Contrary to popular belief, pictograms make up only a small portion of Chinese characters. While characters in this class derive from pictures, they have been standardized, simplified, and stylized to make them easier to write, and their derivation is therefore not always obvious. Examples include 日 rì for "sun", 月 yuèfor "moon", and 木 mù for "tree"....
There is no concrete number for the proportion of modern characters that are pictographic in nature; however, Xu Shen (c. 100 AD) estimated that 4% of characters fell into this category.
Also called simple indicatives or simple ideographs, these characters either modify existing pictographs iconically, or are direct iconic illustrations. For instance, by modifying 刀 dāo, a pictogram for "knife", by marking the blade, an ideogram 刃 rèn for "blade" is obtained. Direct examples include 上 shàng "up" and 下 xià "down". This category is small.
Translated literally as logical aggregates or associative compounds, these characters symbolically combine pictograms or ideograms to create a third character. For instance, doubling the pictogram 木 mù "tree" produces 林 lín "grove", while tripling it produces 森 sēn "forest". (It is interesting to note (see below) that 林 and 森 both have the same reconstructed Old Chinese final *-ǐǝm.) Similarly, combining 日 rì "sun" and 月 yuè "moon", the two natural sources of light, makes 明 míng "bright". Other commonly cited examples include the characters 休 xiū "rest", composed of the pictograms 人 rén "person" and 木 mù "tree", and also 好 hǎo "good", composed of the pictograms 女 nǚ "woman" and 子 zǐ "son/child".

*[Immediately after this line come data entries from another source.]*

(* Let $A=A_s+A_d\epsilon\in\mathbb{D}^{m\times n}$. Then the DMPGI of the essential part $A_e$ exists and $$A^G=A_e^D.$$ In particular, if all nonzero singular values of $A$ are appreciable, then the DMPGI $A^D$ exists and $A^D=A^G$; otherwise $A^D$ does not exist and $A^G$ is the DMPGI of $A_e$.
   Context: A dual real number is $a=a_s+a_d\epsilon$ with $a_s,a_d\in\mathbb R$, $\epsilon\neq0$, $\epsilon^2=0$; appreciable if $a_s\neq0$, infinitesimal otherwise; ordered by $a>b$ iff $a_s>b_s$, or $a_s=b_s$ and $a_d>b_d$. A dual real matrix is $A=A_s+A_d\epsilon$ with real $A_s,A_d$; $A^\top=A_s^\top+A_d^\top\epsilon$; orthogonal means $U^\top U=UU^\top=I$. Every $A\in\mathbb{D}^{m\times n}$ has an SVD $A=U\Sigma V^\top$ with $U,V$ orthogonal dual real matrices and $\Sigma$ diagonal with entries $\mu_1\ge\dots\ge\mu_r$ positive appreciable, $\mu_{r+1}\ge\dots\ge\mu_t$ positive infinitesimal, and zeros (unique). The essential part is $A_e=U\begin{bmatrix}\mathrm{diag}(\mu_1,\dots,\mu_r)&O\\O&O\end{bmatrix}V^\top$. The GMPI $A^G$ is the unique $X$ with $AXA=A_e$, $XAX=X$, $(AX)^\top=AX$, $(XA)^\top=XA$. The DMPGI $A^D$ of a dual real matrix $B$ is a matrix $X$ satisfying $BXB=B$, $XBX=X$, $(BX)^\top=BX$, $(XB)^\top=XB$ (when it exists). *)

From HB Require Import structures.
From mathcomp Require Import all_boot all_order all_algebra.
From mathcomp Require Import reals.
Set Implicit Arguments. Unset Strict Implicit. Unset Printing Implicit Defensive.
Import Order.TTheory GRing.Theory Num.Theory.
Local Open Scope ring_scope.

Section Dual.
Variable R : realType.

(* dual real number a = ds + dd eps *)
Record dual := Dual { ds : R; dd : R }.

Definition dle (a b : dual) : Prop :=
  ds a < ds b \/ (ds a = ds b /\ dd a <= dd b).

Definition dzero : dual := Dual 0 0.
Definition pos_appreciable (a : dual) : Prop := 0 < ds a.
Definition pos_infinitesimal (a : dual) : Prop := ds a = 0 /\ 0 < dd a.

(* dual real matrix A = A_s + A_d eps *)
Record dmx (m n : nat) := DMx { mxs : 'M[R]_(m, n); mxd : 'M[R]_(m, n) }.

Definition dmul m n p (A : dmx m n) (B : dmx n p) : dmx m p :=
  DMx (mxs A *m mxs B) (mxs A *m mxd B + mxd A *m mxs B).

Definition dtr m n (A : dmx m n) : dmx n m := DMx (mxs A)^T (mxd A)^T.

Definition did n : dmx n n := DMx 1%:M 0.

Definition dorthogonal n (U : dmx n n) : Prop :=
  dmul (dtr U) U = did n /\ dmul U (dtr U) = did n.

Definition ddiag m n (mu : nat -> dual) : dmx m n :=
  DMx (\matrix_(i < m, j < n) if (i : nat) == j then ds (mu i) else 0)
      (\matrix_(i < m, j < n) if (i : nat) == j then dd (mu i) else 0).

(* A = U Sigma V^T is an SVD of A, where Sigma = diag(mu_0,...,mu_{min(m,n)-1}),
   mu_0 >= ... >= mu_{r-1} positive appreciable, mu_r >= ... >= mu_{t-1}
   positive infinitesimal, and the remaining diagonal entries are zero
   (indices are 0-based). *)
Definition is_dsvd m n (A : dmx m n) (U : dmx m m) (mu : nat -> dual)
    (r t : nat) (V : dmx n n) : Prop :=
  [/\ dorthogonal U, dorthogonal V,
      (r <= t)%N /\ (t <= minn m n)%N,
      [/\ (forall i, (i < r)%N -> pos_appreciable (mu i)),
          (forall i, (r <= i)%N -> (i < t)%N -> pos_infinitesimal (mu i)),
          (forall i, (t <= i)%N -> (i < minn m n)%N -> mu i = dzero)
        & (forall i j, (i <= j)%N -> (j < t)%N -> dle (mu j) (mu i))]
    & A = dmul (dmul U (ddiag m n mu)) (dtr V)].

Definition ess_part m n (U : dmx m m) (mu : nat -> dual) (r : nat)
    (V : dmx n n) : dmx m n :=
  dmul (dmul U (ddiag m n (fun i => if (i < r)%N then mu i else dzero)))
       (dtr V).

Definition is_GMPI m n (A : dmx m n) (Ae : dmx m n) (X : dmx n m) : Prop :=
  [/\ dmul (dmul A X) A = Ae, dmul (dmul X A) X = X,
      dtr (dmul A X) = dmul A X & dtr (dmul X A) = dmul X A].

Definition is_DMPGI m n (B : dmx m n) (X : dmx n m) : Prop :=
  [/\ dmul (dmul B X) B = B, dmul (dmul X B) X = X,
      dtr (dmul B X) = dmul B X & dtr (dmul X B) = dmul X B].

End Dual.

From HB Require Import structures.
From mathcomp Require Import all_boot all_order all_algebra.
From mathcomp Require Import reals.
From mathcomp Require Import ring.
Set Implicit Arguments. Unset Strict Implicit. Unset Printing Implicit Defensive.
Import Order.TTheory GRing.Theory Num.Theory.
Local Open Scope ring_scope.

(* Diagonal dual matrices multiply entrywise.
   2. Two Penrose-type facts valid for arbitrary A, A_e:
      - any X with the GMPI equations is a DMPGI of A_e;
      - conversely, if A A_e^T = A_e A_e^T and A_e^T A = A_e^T A_e, any DMPGI
        of A_e satisfies the GMPI equations.
   3. From an SVD A = U Sigma V^T: the two cross identities of 2 hold,
      V Sigma_e^+ U^T (entrywise dual inverse on the appreciable part) is a
      DMPGI of A_e, A = A_e when t = r, and when t > r the positive
      infinitesimal singular value mu_r forbids any solution of A Y A = A:
      the eps-part of the (r,r) entry of Sigma Z Sigma vanishes for every Z. *)

Section DualMatrixAlgebra.
Variable R : realType.

Lemma dmulA m n p q (A : dmx R m n) (B : dmx R n p) (C : dmx R p q) :
  dmul (dmul A B) C = dmul A (dmul B C).
Proof.
case: A => As Ad; case: B => Bs Bd; case: C => Cs Cd; rewrite /dmul /=.
by congr DMx; rewrite ?mulmxA // !mulmxDl !mulmxDr !mulmxA addrA.
Qed.

Lemma dtr_mul m n p (A : dmx R m n) (B : dmx R n p) :
  dtr (dmul A B) = dmul (dtr B) (dtr A).
Proof.
case: A => As Ad; case: B => Bs Bd; rewrite /dmul /dtr /=.
by congr DMx; rewrite ?trmx_mul // linearD /= !trmx_mul addrC.
Qed.

Lemma dtrK m n (A : dmx R m n) : dtr (dtr A) = A.
Proof. by case: A => As Ad; rewrite /dtr /= !trmxK. Qed.

Lemma dmul1l m n (A : dmx R m n) : dmul (did R m) A = A.
Proof. by case: A => As Ad; rewrite /dmul /did /= !mul1mx mul0mx addr0. Qed.

Lemma dmul1r m n (A : dmx R m n) : dmul A (did R n) = A.
Proof. by case: A => As Ad; rewrite /dmul /did /= !mulmx1 mulmx0 add0r. Qed.

Lemma orthKl n p (U : dmx R n n) (X : dmx R n p) :
  dorthogonal U -> dmul (dtr U) (dmul U X) = X.
Proof. by case=> UtU _; rewrite -dmulA UtU dmul1l. Qed.

End DualMatrixAlgebra.

Section DiagonalMatrices.
Variable R : realType.

Definition rdiag m n (f : nat -> R) : 'M[R]_(m, n) :=
  \matrix_(i < m, j < n) if (i : nat) == j then f i else 0.

Lemma ddiagE m n (mu : nat -> dual R) :
  ddiag m n mu = DMx (rdiag m n (fun i => ds (mu i))) (rdiag m n (fun i => dd (mu i))).
Proof. by []. Qed.

Lemma rdiag_mul m n p (f g : nat -> R) :
  rdiag m n f *m rdiag n p g =
  rdiag m p (fun i => if (i < n)%N then f i * g i else 0).
Proof.
apply/matrixP => i k; rewrite !mxE.
have entry (j : 'I_n) : (rdiag m n f i j * rdiag n p g j k) =
    if (i : nat) == j then (if (j : nat) == k then f i * g i else 0) else 0.
  rewrite !mxE; case: eqP => [->|]; last by rewrite mul0r.
  by case: eqP; rewrite ?mulr0.
case: (ltnP i n) => [lt_in | le_ni].
  rewrite (bigD1 (Ordinal lt_in)) //= big1 => [|j neq_ji]; last first.
    by rewrite entry; case: eqP => // eq_ij; case/eqP: neq_ji; apply: val_inj.
  by rewrite entry eqxx addr0.
rewrite big1 => [|j _]; first by case: eqP.
by rewrite entry; case: eqP => // eq_ij; move: (ltn_ord j); rewrite -eq_ij ltnNge le_ni.
Qed.

Lemma rdiag_tr m n f : (rdiag m n f)^T = rdiag n m f.
Proof.
by apply/matrixP => i j; rewrite !mxE eq_sym; case: eqP => // ->.
Qed.

Lemma rdiag_add m n f g :
  rdiag m n f + rdiag m n g = rdiag m n (fun i => f i + g i).
Proof. by apply/matrixP => i j; rewrite !mxE; case: eqP; rewrite ?addr0. Qed.

Lemma rdiag_eq m n f g : (forall i, (i < minn m n)%N -> f i = g i) ->
  rdiag m n f = rdiag m n g.
Proof.
move=> efg; apply/matrixP => i j; rewrite !mxE; case: eqP => // eq_ij.
by rewrite efg // leq_min ltn_ord /= eq_ij ltn_ord.
Qed.

Lemma rdiag_mul_row0 m n p (f : nat -> R) (M : 'M[R]_(n, p)) (i : 'I_m) j :
  f i = 0 -> (rdiag m n f *m M) i j = 0.
Proof.
move=> fi0; rewrite mxE big1 // => k _; rewrite mxE.
by case: eqP => _; rewrite ?fi0 mul0r.
Qed.

Lemma rdiag_mul_col0 m n p (f : nat -> R) (M : 'M[R]_(p, m)) i (j : 'I_n) :
  f j = 0 -> (M *m rdiag m n f) i j = 0.
Proof.
move=> fj0; rewrite mxE big1 // => k _; rewrite mxE.
by case: eqP => [->|]; rewrite ?fj0 mulr0.
Qed.

Definition dscale (a b : dual R) : dual R :=
  Dual (ds a * ds b) (ds a * dd b + dd a * ds b).

(* Inverse of an appreciable dual number. *)
Definition dinv (a : dual R) : dual R := Dual (ds a)^-1 (- dd a / ds a ^+ 2).

Lemma dscale0r a : dscale a (dzero R) = dzero R.
Proof. by rewrite /dscale /dzero /= !mulr0 addr0. Qed.

Lemma dscale0l a : dscale (dzero R) a = dzero R.
Proof. by rewrite /dscale /dzero /= !mul0r addr0. Qed.

Lemma dscale_dinv_id a : ds a != 0 -> dscale (dscale a (dinv a)) a = a.
Proof. by case: a => x y /= x_neq0; rewrite /dscale /dinv /=; congr Dual; field. Qed.

Lemma dinv_dscale_id a : ds a != 0 -> dscale (dscale (dinv a) a) (dinv a) = dinv a.
Proof. by case: a => x y /= x_neq0; rewrite /dscale /dinv /=; congr Dual; field. Qed.

Lemma ddiag_mul m n p (a b : nat -> dual R) :
  dmul (ddiag m n a) (ddiag n p b) =
  ddiag m p (fun i => if (i < n)%N then dscale (a i) (b i) else dzero R).
Proof.
rewrite !ddiagE /dmul /= !rdiag_mul rdiag_add.
by congr DMx; apply: rdiag_eq => i _; case: (i < n)%N; rewrite //= addr0.
Qed.

Lemma ddiag_mulA m n p q (a b : nat -> dual R) (Z : dmx R p q) :
  dmul (ddiag m n a) (dmul (ddiag n p b) Z) =
  dmul (ddiag m p (fun i => if (i < n)%N then dscale (a i) (b i) else dzero R)) Z.
Proof. by rewrite -dmulA ddiag_mul. Qed.

Lemma ddiag_tr m n (a : nat -> dual R) : dtr (ddiag m n a) = ddiag n m a.
Proof. by rewrite !ddiagE /dtr /= !rdiag_tr. Qed.

Lemma ddiag_eq m n (f g : nat -> dual R) :
  (forall i, (i < minn m n)%N -> f i = g i) -> ddiag m n f = ddiag m n g.
Proof.
by move=> efg; rewrite !ddiagE; congr DMx; apply: rdiag_eq => i /efg /= ->.
Qed.

(* A diagonal entry that is infinitesimal but nonzero obstructs regularity:
   D Z D = D has no solution, since the eps-part of entry (k,k) of D Z D
   is ds(mu k) * ... + ... * ds(mu k) = 0, whereas dd(mu k) <> 0. *)
Lemma ddiag_infinitesimal_not_regular m n (mu : nat -> dual R) (k : nat)
    (Z : dmx R n m) :
  (k < minn m n)%N -> ds (mu k) = 0 -> dd (mu k) != 0 ->
  dmul (dmul (ddiag m n mu) Z) (ddiag m n mu) <> ddiag m n mu.
Proof.
rewrite leq_min => /andP[km kn] s0 d_neq0.
move/(congr1 (fun M => mxd M (Ordinal km) (Ordinal kn))).
rewrite ddiagE /dmul /= mxE -mulmxA rdiag_mul_row0 // rdiag_mul_col0 //.
by rewrite add0r mxE eqxx => ed; rewrite -ed eqxx in d_neq0.
Qed.

End DiagonalMatrices.

Section PenroseEquations.
Variables (R : realType) (m n : nat) (A Ae : dmx R m n).

Lemma GMPI_is_DMPGI X : is_GMPI A Ae X -> is_DMPGI Ae X.
Proof.
case=> AXA XAX sym_AX sym_XA.
have XAX' : dmul X (dmul A X) = X by rewrite -dmulA.
have XAXZ p (Z : dmx R m p) : dmul X (dmul A (dmul X Z)) = dmul X Z.
  by rewrite -(dmulA A) -dmulA XAX'.
split; rewrite -AXA !dmulA.
- by rewrite !XAXZ.
- by rewrite XAXZ XAX'.
- by rewrite XAX'.
- by rewrite XAXZ.
Qed.

(* If A and A_e agree against A_e^T on both sides, every DMPGI X of A_e
   satisfies A X = A_e X and X A = X A_e (X has the row space of A_e^T and
   the column space of A_e^T), hence is a GMPI of A. *)
Lemma DMPGI_is_GMPI X :
  dmul A (dtr Ae) = dmul Ae (dtr Ae) -> dmul (dtr Ae) A = dmul (dtr Ae) Ae ->
  is_DMPGI Ae X -> is_GMPI A Ae X.
Proof.
move=> AAet AetA [AXA XAX sym_AX sym_XA].
have X_left : X = dmul (dtr Ae) (dmul (dtr X) X).
  by rewrite -{1}XAX -sym_XA dtr_mul dmulA.
have X_right : X = dmul (dmul X (dtr X)) (dtr Ae).
  by rewrite -{1}XAX dmulA -sym_AX dtr_mul -dmulA.
have AX_eq : dmul A X = dmul Ae X by rewrite X_left -!dmulA AAet.
have XA_eq : dmul X A = dmul X Ae by rewrite X_right !dmulA AetA.
split.
- by rewrite AX_eq dmulA XA_eq -dmulA AXA.
- by rewrite XA_eq XAX.
- by rewrite AX_eq sym_AX.
- by rewrite XA_eq sym_XA.
Qed.

End PenroseEquations.

Section EssentialPart.
Variables (R : realType) (m n : nat) (A : dmx R m n).
Variables (U : dmx R m m) (mu : nat -> dual R) (r t : nat) (V : dmx R n n).
Hypothesis svdA : is_dsvd A U mu r t V.

Let Ae := ess_part U mu r V.

(* The cross identities A A_e^T = A_e A_e^T and A_e^T A = A_e^T A_e: in the
   singular basis they reduce to Sigma Sigma_e = Sigma_e Sigma_e. *)
Lemma ess_part_cross_right : dmul A (dtr Ae) = dmul Ae (dtr Ae).
Proof.
have [_ HV _ _ ->] := svdA.
rewrite /Ae /ess_part !dtr_mul !dtrK !dmulA !(orthKl _ HV) !ddiag_tr !ddiag_mulA.
congr dmul; congr dmul; apply: ddiag_eq => i _.
by case: (i < n)%N; case: (i < r)%N; rewrite ?dscale0r.
Qed.

Lemma ess_part_cross_left : dmul (dtr Ae) A = dmul (dtr Ae) Ae.
Proof.
have [HU _ _ _ ->] := svdA.
rewrite /Ae /ess_part !dtr_mul !dtrK !dmulA !(orthKl _ HU) !ddiag_tr !ddiag_mulA.
congr dmul; congr dmul; apply: ddiag_eq => i _.
by case: (i < m)%N; case: (i < r)%N; rewrite ?dscale0l.
Qed.

Lemma ess_part_DMPGI :
  is_DMPGI Ae (dmul (dmul V (ddiag n m
     (fun i => if (i < r)%N then dinv (mu i) else dzero R))) (dtr U)).
Proof.
have [HU HV _ [appr _ _ _] _] := svdA.
have appr_neq0 i : (i < r)%N -> ds (mu i) != 0 by move/appr/lt0r_neq0.
rewrite /Ae /ess_part; split.
- rewrite !dmulA !(orthKl _ HV) !(orthKl _ HU) !ddiag_mulA.
  congr dmul; congr dmul; apply: ddiag_eq => i.
  rewrite leq_min => /andP[-> ->].
  by case: ltnP => ir; rewrite ?dscale_dinv_id ?appr_neq0 ?dscale0r.
- rewrite !dmulA !(orthKl _ HV) !(orthKl _ HU) !ddiag_mulA.
  congr dmul; congr dmul; apply: ddiag_eq => i.
  rewrite leq_min => /andP[-> ->].
  by case: ltnP => ir; rewrite ?dinv_dscale_id ?appr_neq0 ?dscale0r.
- by rewrite !dmulA !(orthKl _ HV) !ddiag_mulA !dtr_mul dtrK ddiag_tr !dmulA.
- by rewrite !dmulA !(orthKl _ HU) !ddiag_mulA !dtr_mul dtrK ddiag_tr !dmulA.
Qed.

Lemma ess_part_full : t = r -> A = Ae.
Proof.
have [_ _ _ [_ _ zero _] ->] := svdA => tr.
rewrite /Ae /ess_part; congr dmul; congr dmul; apply: ddiag_eq => i i_lt.
by case: (ltnP i r) => // ri; rewrite zero // tr.
Qed.

(* With an infinitesimal singular value mu_r, A is not even {1}-invertible:
   A Y A = A would give Sigma (V^T Y U) Sigma = Sigma. *)
Lemma infinitesimal_no_DMPGI : t <> r -> ~ exists Y, is_DMPGI A Y.
Proof.
have [HU HV [rt tmn] [_ infin _ _] HA] := svdA.
move=> t_neq_r [Y [AYA _ _ _]].
have lt_rt : (r < t)%N by rewrite ltn_neqAle rt andbT; apply/eqP => /esym.
have [s0 d_gt0] := infin r (leqnn r) lt_rt.
have Sigma_eq : dmul (dtr U) (dmul A V) = ddiag m n mu.
  by rewrite HA !dmulA (orthKl _ HU) (proj1 HV) dmul1r.
apply: (ddiag_infinitesimal_not_regular (Z := dmul (dtr V) (dmul Y U))
  (leq_trans lt_rt tmn) s0 (lt0r_neq0 d_gt0)).
by rewrite -[in RHS]Sigma_eq -AYA HA !dmulA (orthKl _ HU) (proj1 HV) dmul1r.
Qed.

End EssentialPart.

Theorem theorem5p2 (R : realType) (m n : nat) (A : dmx R m n)
    (U : dmx R m m) (mu : nat -> dual R) (r t : nat) (V : dmx R n n) :
  is_dsvd A U mu r t V ->
  let Ae := ess_part U mu r V in
  (* the DMPGI of A_e exists, and A^G = A_e^D *)
  ((exists Y, is_DMPGI Ae Y) /\ (forall X, is_GMPI A Ae X <-> is_DMPGI Ae X)) /\
  (* all nonzero singular values appreciable: A^D exists and A^D = A^G *)
  (t = r -> (exists Y, is_DMPGI A Y) /\ (forall X, is_DMPGI A X <-> is_GMPI A Ae X)) /\
  (* otherwise A^D does not exist *)
  (t <> r -> ~ (exists Y, is_DMPGI A Y)).
Proof.
move=> svdA Ae.
have GMPI_iff X : is_GMPI A Ae X <-> is_DMPGI Ae X.
  split; first exact: GMPI_is_DMPGI.
  exact: DMPGI_is_GMPI (ess_part_cross_right svdA) (ess_part_cross_left svdA).
have Ae_regular : exists Y, is_DMPGI Ae Y := ex_intro _ _ (ess_part_DMPGI svdA).
split=> //; split; last exact: infinitesimal_no_DMPGI svdA.
move=> tr; have AAe : A = Ae := ess_part_full svdA tr.
by split=> [|X]; rewrite ?GMPI_iff AAe.
Qed.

Xu Shen estimated that 13% of characters fall into this category.
Some scholars flatly reject the existence of this category, opining that failure of modern attempts to identify a phonetic in a compound is due simply to our not looking at ancient "secondary readings", which were lost over time. For example, the character 安 ān "peace", a combination of "roof" 宀 and "woman" 女, is commonly cited as an ideogrammic compound, purportedly motivated by a meaning such as "all is peaceful with the woman at home". However, there is evidence that 女 was once a polyphone with a secondary reading of*an, as may be gleaned from the set 妟 yàn "tranquil", 奻 nuán "to quarrel", and 姦 jiān "licentious". Supporting this reasoning is the fact that modern interpretations often neglect archaic forms that were in use when the characters were created.
These arguments notwithstanding, there are some characters that do appear to genuinely belong to this category. It is doubtful that secondary readings can be found for many cases, and the characters 林, 森, 明, 休, and 好 are all attested in oracle bone script, with the same components as the modern forms.
By far the most numerous category are the phono-semantic compounds, also called semantic-phonetic compounds or pictophonetic compounds. These characters are composed of two parts: one of a limited set of pictographs, often graphically simplified, which suggests the general meaning of the character, and an existing character pronounced approximately as the new target word.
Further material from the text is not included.